Targeted delivery of complexes of biotin-PEG-polyethylenimine and NF-kappaB decoys to brain-derived endothelial cells in vitro.

摘要

PURPOSE: To evaluate the effect of re-directing the uptake mechanism of polyplexes containing oligodeoxynucleotide (ODN) decoys to nuclear factor kappa B (NF-kappaB) from absorptive-mediated to receptor-mediated endocytosis.

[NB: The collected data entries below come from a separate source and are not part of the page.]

Lemma C0_lip_bounded (f : V -> R) : C0_lip f -> exists L, forall y, `|f y| <= L.
Proof.
case=> [[k [_ fk]] fvan].
have k1_gt : `|k| + 1 > k by rewrite (le_lt_trans (ler_norm k)) ?ltrDl.
have {}fk y : `|f y - f 0| <= (`|k| + 1) * `|y|.
  by have := fk _ k1_gt (y, 0); rewrite /self_sub /= subr0; apply.
have [M fM] := fvan 1 ltr01.
exists (1 + `|f 0| + (`|k| + 1) * `|M|) => y.
have f0_ge0 : 0 <= `|f 0| + (`|k| + 1) * `|M| by rewrite addr_ge0 ?mulr_ge0.
case: (ltP M `|y|) => [/fM|yM]; first lra.
have : `|f y| <= `|f y - f 0| + `|f 0| by rewrite -[in leLHS](subrK (f 0) (f y)) ler_normD.
have : (`|k| + 1) * `|y| <= (`|k| + 1) * `|M|.
  by rewrite ler_wpM2l ?addr_ge0 // (le_trans yM) ?ler_norm.
have := fk y; lra.
Qed.

Definition tent (x0 : V) (c : R) (y : V) : R := c * Num.max 0 (1 - `|y - x0|).

Lemma tent_C0_lip x0 c : 0 <= c -> C0_lip (tent x0 c).
Proof.
move=> c0; split.
- apply: (@klipschitzW _ _ _ c); first exact: (@globally_properfilter _ _ (0, 0)).
  move=> [y1 y2] _ /=; rewrite /tent -mulrBr normrM (ger0_norm c0) ler_wpM2l //.
  apply: le_trans; first exact: ler_dist_max0.
  rewrite (_ : _ - _ = `|y2 - x0| - `|y1 - x0|); last by ring.
  by apply: le_trans (ler_dist_dist _ _) _; rewrite opprB addrA subrK distrC.
- move=> e e0; exists (`|x0| + 1) => y y_gt.
  rewrite /tent (_ : Num.max 0 _ = 0) ?mulr0 ?normr0 //.
  apply/max_idPl; rewrite subr_le0.
  have : `|y| <= `|y - x0| + `|x0| by rewrite -[in leLHS](subrK x0 y) ler_normD.
  lra.
Qed.

Lemma tent_at x0 c : tent x0 c x0 = c.
Proof. by rewrite /tent subrr normr0 subr0 (max_idPr ler01) mulr1. Qed.

Lemma tent_ge0_le x0 c y : 0 <= c -> 0 <= tent x0 c y <= c.
Proof.
move=> c0; rewrite /tent mulr_ge0 ?le_max ?lexx //=.
by rewrite -[leRHS]mulr1 ler_wpM2l // ge_max ler01 gerBl.
Qed.

End C0_lip.

Lemma Rintegral_exp_decay_le (R : realType) (L lam : R) (F : R -> R) (D : set R) :
  0 < lam -> 0 <= L -> D `<=` [set s | 0 <= s] ->
  (forall s, D s -> F s <= L * expR (- (lam * s))) ->
  Rintegral lebesgue_measure D F <= L / lam.
Proof.
move=> lam0 L0 D0 FL.
have Llam0 : 0 <= L / lam := divr_ge0 L0 (ltW lam0).
pose G s := ((L / lam) * exponential_pdf lam s)%:E.
have G0 s : (0 <= G s)%E.
  by rewrite lee_fin mulr_ge0 //; apply: exponential_pdf_ge0; exact: ltW.
have FG s : D s -> ((F s)%:E <= G s)%E.
  move=> Ds; rewrite /G exponential_pdfE ?D0 // lee_fin (le_trans (FL s Ds)) //.
  by rewrite mulrA divfK ?gt_eqF // mulNr.
have intG : (\int[lebesgue_measure]_(s in D) G s <= (L / lam)%:E)%E.
  rewrite integral_mkcond.
  apply: le_trans.
    by apply: (ge0_le_integral_nonmeas lebesgue_measure setT (G \_ D) G) => s _; rewrite /patch; case: ifP.
  rewrite /G; under eq_integral do rewrite EFinM.
  rewrite ge0_integralZl_EFin //.
  - by rewrite integral_exponential_pdf // mule1.
  - by move=> s _; rewrite lee_fin; apply: exponential_pdf_ge0; exact: ltW.
  - by apply/measurable_EFinP; exact: measurable_exponential_pdf.
have := le_trans (le_integral_nonmeas lebesgue_measure D _ G (fun s _ => G0 s) FG) intG.
by rewrite /Rintegral; case: (\int[lebesgue_measure]_(x in D) (F x)%:E)%E.
Qed.

Section exit_value.
Context {R : realType} {d : nat} {dO : measure_display} {Omega : measurableType dO}.
Variables (X : R -> Omega -> 'rV[R]_d) (PP : 'rV[R]_d -> probability Omega R).
Hypothesis Xcadlag : forall w, cadlag (fun t => X t w).
Hypothesis Xmeasurable : forall t U, 0 <= t -> open U -> measurable (X t @^-1` U).
Hypothesis X0 : forall x, PP x [set w | X 0 w = x] = 1%E.
Variables (O : set 'rV[R]_d) (ell : 'rV[R]_d -> R) (lam L : R).
Hypothesis lam_gt0 : 0 < lam.
Hypothesis ell_le : forall y, `|ell y| <= L.

Local Notation zeta := (hit_tau X (closure O)).
Local Notation stays := (stays_before X (closure O)).
Let closedO : closed (closure O) := @closed_closure _ O.

Let L_div_ge0 : 0 <= L / lam.
Proof. exact: divr_ge0 (le_trans (normr_ge0 _) (ell_le 0)) (ltW lam_gt0). Qed.

Let discount_le1 r : 0 <= r -> expR (- (lam * r)) <= 1.
Proof. by move=> r0; rewrite expR_le1 oppr_le0 (mulr_ge0 (ltW lam_gt0)). Qed.

Lemma payoff_hit_tau0 g w : zeta w = 0%E -> payoff X O ell lam g w = g (X 0 w).
Proof.
move=> z0; rewrite /payoff /= z0 /= mulr0 oppr0 expR0 mul1r.
suff -> : [set s : R | 0 <= s /\ (s%:E < 0%:E)%E] = set0.
  by rewrite Rintegral_set0 add0r.
by apply/seteqP; split => s //= [s0]; rewrite lte_fin ltNge s0.
Qed.

Lemma value_fun_regular g x : PP x [set w | zeta w = 0%E] = 1%E ->
  value_fun X PP O ell lam g x = (g x)%:E.
Proof.
move=> reg.
have mZ := measurable_hit_tau_eq0 X Xcadlag Xmeasurable _ closedO.
have mX0 := measurable_X_eq X Xmeasurable 0 x (lexx 0).
rewrite /value_fun; apply: (integral_ae_cst _ _ _ _ (measurableI _ _ mZ mX0)).
  exact: probability_setI_eq1 mZ mX0 reg (X0 x).
by move=> w [/= /payoff_hit_tau0 -> <-].
Qed.

Lemma running_cost_le w :
  Rintegral lebesgue_measure [set s | 0 <= s /\ (s%:E < zeta w)%E]
    (fun s => expR (- (lam * s)) * ell (X s w)) <= L / lam.
Proof.
apply: Rintegral_exp_decay_le => //.
- exact: le_trans (normr_ge0 _) (ell_le 0).
- by move=> s [].
- move=> s _; rewrite mulrC ler_wpM2r ?expR_ge0 //.
  exact: le_trans (ler_norm _) (ell_le _).
Qed.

MATERIALS AND METHODS: Complexes of ODNs and a co-polymer of biotin-polyethylenglycol and polyethylenimine (BPP) were targeted to brain-derived endothelial cells with a conjugate of antibody 8D3 and streptavidin (8D3SA). Size and stability of ODN/BPP complexes was measured by dynamic light scattering. Cellular uptake was studied by confocal microscopy. Cell viability and pharmacological effects were investigated on murine bEnd5 cells stimulated with tumor necrosis factor. RESULTS: ODN/BPP complexes showed sizes of 116+/-2.3 nm, which increased by 40 nm when coupled to 8D3SA, and were stable in physiological fluids. Targeted complexes were internalized intact into endosomal compartments. Treatment conditions, which yielded significant inhibitory effects on mRNA expression of VCAM-1,ICAM-1, IkappaBalpha and iNOS by bEnd5 cells, did not affect viability. At 0.5 microM, decoy ODN significantly inhibited monocyte adhesion to bEnd5 monolayers when delivered as 8D3SA-targeted complex, while higher concentrations of untargeted complex were ineffective. CONCLUSIONS: The complex of NF-kappaB decoys and BPP, which can be targeted to transferrin receptors, is a promising drug candidate for neuroinflammatory diseases affecting the blood-brain barrier.